A potential drawback to using small stripes is that synchronized spindle drives are required in order to keep performance from being degraded when short records are accessed. Without synchronized spindles, each drive in the array will be at different random rotational positions. Since an I/O cannot be completed until every drive has accessed its part of the record, the drive which takes the longest will determine when the I/O completes. The more drives in the array, the more the average access time for the array approaches the worst case single-drive access time. Synchronized spindles assure that every drive in the array reaches its data at the same time. The access time of the array will thus be equal to the average access time of a single drive rather than approaching the worst case access time.

The different RAID levels

RAID-0
RAID Level 0 is not redundant, hence does not truly fit the “RAID” acronym. In level 0, data is split across drives, resulting in higher data throughput. Since no redundant information is stored, performance is very good, but the failure of any disk in the array results in data loss. This level is commonly referred to as striping.

RAID-1
RAID Level 1 provides redundancy by writing all data to two or more drives. The performance of a level 1 array tends to be faster on reads and slower on writes compared to a single drive, but if either drive fails, no data is lost. This is a good entry-level redundant system, since only two drives are required; however, since one drive is used to store a duplicate of the data, the cost per megabyte is high. This level is commonly referred to as mirroring.

RAID-2

RAID Level 2, which uses Hamming error correction codes, is intended for use with drives which do not have built-in error detection. All SCSI drives support built-in error detection, so this level is of little use when using SCSI drives.

RAID-3
RAID Level 3 stripes data at a byte level across several drives, with parity stored on one drive. It is otherwise similar to level 4. Byte-level striping requires hardware support for efficient use.

RAID-4

RAID Level 4 stripes data at a block level across several drives, with parity stored on one drive. The parity information allows recovery from the failure of any single drive. The performance of a level 4 array is very good for reads (the same as level 0). Writes, however, require that parity data be updated each time. This slows small random writes, in particular, though large writes or sequential writes are fairly fast. Because only one drive in the array stores redundant data, the cost per megabyte of a level 4 array can be fairly low.

RAID-5
RAID Level 5 is similar to level 4, but distributes parity among the drives. This can speed small writes in multiprocessing systems, since the parity disk does not become a bottleneck. Because parity data must be skipped on each drive during reads, however, the performance for reads tends to be considerably lower than a level 4 array. The cost per megabyte is the same as for level

RAID-5EE
Since our case study is for a RAID 5EE case, so we need to get to understand RAID level-5EE
(Note: This feature is not supported on all controllers.)

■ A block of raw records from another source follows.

Definition f_op (j : I) (p : path_ I) : option (path_ I) :=
  let h := hfun j p in
  let m := hmin j p in
  if h 1 - m < 1 then None else
  let t0 := the_max (fun t => in01 t /\ h t = m) in
  let t1 := the_min (fun t => t0 <= t <= 1 /\
                       forall s, t <= s <= 1 -> m + 1 <= h s) in
  Some (fun t => if t <= t0 then p t
                 else if t <= t1 then p t0 + refl i0 A a j (p t - p t0)
                 else p t - alpha i0 A a j).

Definition S_op (j : I) (p : path_ I) : option (path_ I) :=
  let n : int := numq (pairh (p 1) j) in
  if (0 <= n)%R then iter `|n|%N (obind (f_op j)) (Some p)
  else iter `|n|%N (obind (e_op j)) (Some p).

(* S_w for w = r_{j_1} ... r_{j_k} given by the word [:: j_1; ...; j_k]:
   S_w = S_{j_1} o ... o S_{j_k}. *)
Definition S_word (w : seq I) (p : path_ I) : option (path_ I) :=
  foldr (fun j acc => obind (S_op j) acc) (Some p) w.

End RootOps.

(* The conclusion relation: both sides are paths (or both 0) and they
   differ by F(t) delta on [0,1] cap Q. *)
Definition shifted_by (I : finType) (F : rat -> rat) (p p' : path_ I) : Prop :=
  forall t, in01 t -> p t = p' t + F t *: delta I.

Definition orel (T : Type) (R : T -> T -> Prop) (x y : option T) : Prop :=
  match x, y with
  | Some u, Some v => R u v
  | None, None => True
  | _, _ => False
  end.

(* Since <delta, h_j> = 0, a path and its shift by F(t) delta have the same function
   h_j(t) = <pi(t), h_j> on [0, 1].  The operators e_j and f_j read their cut points
   t0 < t1 off h_j alone and then reflect the piece of the path between t0 and t1 by r_j,
   which fixes delta; so e_j, f_j, hence S_j and S_w, preserve the shift relation.
   The substance is that the minima and crossing points defining t0 and t1 exist: h_j is
   piecewise affine, so they can be found among finitely many grid points.  Piecewise
   linearity is in turn preserved by the operators, because h_j changes by exactly 1
   between t0 and t1, which makes the reflected path continuous at t1. *)

From mathcomp Require Import all_boot all_order all_algebra.
From mathcomp Require Import ring lra.
From Stdlib Require Import ClassicalEpsilon.
Set Implicit Arguments. Unset Strict Implicit. Unset Printing Implicit Defensive.
Import Order.TTheory GRing.Theory Num.Theory.
Local Open Scope ring_scope.

Lemma the_min_eq (P : rat -> Prop) x : P x -> (forall y, P y -> x <= y) -> the_min P = x.
Proof.
move=> Px x_min.
have [Pm m_min] := epsilon_spec (inhabits 0) (fun m => P m /\ forall y, P y -> m <= y)
  (ex_intro _ x (conj Px x_min)).
by apply/eqP; rewrite eq_le m_min // x_min.
Qed.

Lemma the_max_eq (P : rat -> Prop) x : P x -> (forall y, P y -> y <= x) -> the_max P = x.
Proof.
move=> Px x_max.
have [PM M_max] := epsilon_spec (inhabits 0) (fun M => P M /\ forall y, P y -> y <= M)
  (ex_intro _ x (conj Px x_max)).
by apply/eqP; rewrite eq_le M_max // x_max.
Qed.

Section PiecewiseAffine.
Variable R : realFieldType.
Implicit Types (g : R -> R) (L e : seq R) (a b l s t u v w x y z : R).

Lemma seq_argmax (T : eqType) (key : T -> R) (P : pred T) (s : seq T) (c0 : T) :
  c0 \in s -> P c0 -> exists x : T, [/\ x \in s, P x & forall c, c \in s -> P c -> key c <= key x].
Proof.
move=> c0s Pc0; have : has P s by apply/hasP; exists c0.
elim: s {c0s} => [//|b s IH] /=; have [/IH [x [xs Px Hx]] _ | nPs] := boolP (has P s).
  have [/andP [Pb lt_xb] | nlt_xb] := boolP (P b && (key x < key b)).
    exists b; split; rewrite ?mem_head // => c /predU1P [-> //|cs Pc].
    exact: le_trans (Hx c cs Pc) (ltW lt_xb).
  exists x; split; rewrite ?inE ?xs ?orbT //.
  move=> c /predU1P [-> Pb|]; last exact: Hx.
  by move: nlt_xb; rewrite Pb -leNgt.
rewrite orbF => Pb.
exists b; split; rewrite ?mem_head // => c /predU1P [-> //|cs Pc].
by move/hasPn: nPs => /(_ c cs); rewrite Pc.
Qed.

Definition no_break L x z := forall l, l \in L -> ~~ (x < l < z).

Definition pw_affine L g := forall x y z, 0 <= x -> x <= y -> y <= z -> z <= 1 ->
  no_break L x z -> g y = g x + (y - x) / (z - x) * (g z - g x).

(* A function that is [pw_affine L] is affine between consecutive grid points, so its
   extrema and level crossings on [0, 1] can be located by inspecting the grid. *)
Definition grid (L e : seq R) : seq R := 0 :: 1 :: [seq l <- e ++ L | 0 <= l <= 1].

Lemma grid_unit L e c : c \in grid L e -> 0 <= c <= 1.
Proof. by rewrite !inE mem_filter => /or3P [/eqP ->|/eqP ->|/andP []]; rewrite ?lexx ?ler01. Qed.

Lemma grid0 L e : 0 \in grid L e. Proof. exact: mem_head. Qed.
Lemma grid1 L e : 1 \in grid L e. Proof. by rewrite !inE eqxx orbT. Qed.

Lemma grid_break L e l : l \in L -> 0 <= l <= 1 -> l \in grid L e.
Proof. by move=> lL l01; rewrite !inE mem_filter l01 mem_cat lL !orbT. Qed.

RAID level-5EE is similar to RAID level-5E but with a more efficient distributed spare and faster rebuild times. Like RAID level-5E, this RAID level stripes data and parity across all of the drives in the array.

RAID level-5EE offers both data protection and increased throughput. When an array is assigned RAID level-5EE, the capacity of the logical drive is reduced by the capacity of two physical drives in the array: one for parity and one for the spare.

The spare drive is part of the RAID level-5EE array. However, unlike RAID level-5E, which uses contiguous free space for the spare, a RAID level-5EE spare is interleaved with the parity blocks, as shown in the following example. This allows data to be reconstructed more quickly if a physical drive in the array fails. With such a configuration, you cannot share the spare drive with other arrays. If you want a spare drive for any other array, you must have another spare drive for those arrays.

RAID level-5EE requires a minimum of four drives and, depending upon the level of firmware and the stripe-unit size, supports a maximum of 8 or 16 drives. RAID level-5EE is also firmware-specific.

The following illustration is an example of a RAID level-5EE logical drive.
RAID level-5EE example
Start with four physical drives.

raid01

Create an array using all four physical drives.

raid02

Then create a logical drive within the array.

raid03

The data is striped across the drives, creating blocks in the logical drive. The storage of the data parity (denoted by *) is striped, and it shifts from drive to drive as it does in RAID level-5E. The spare drive (denoted by S) is interleaved with the parity blocks, and it also shifts from drive to drive.

raid04

If a physical drive fails in the array, the data from the failed drive is reconstructed. The array undergoes compaction, and the distributed spare drive becomes part of the array. The logical drive remains RAID level-5EE.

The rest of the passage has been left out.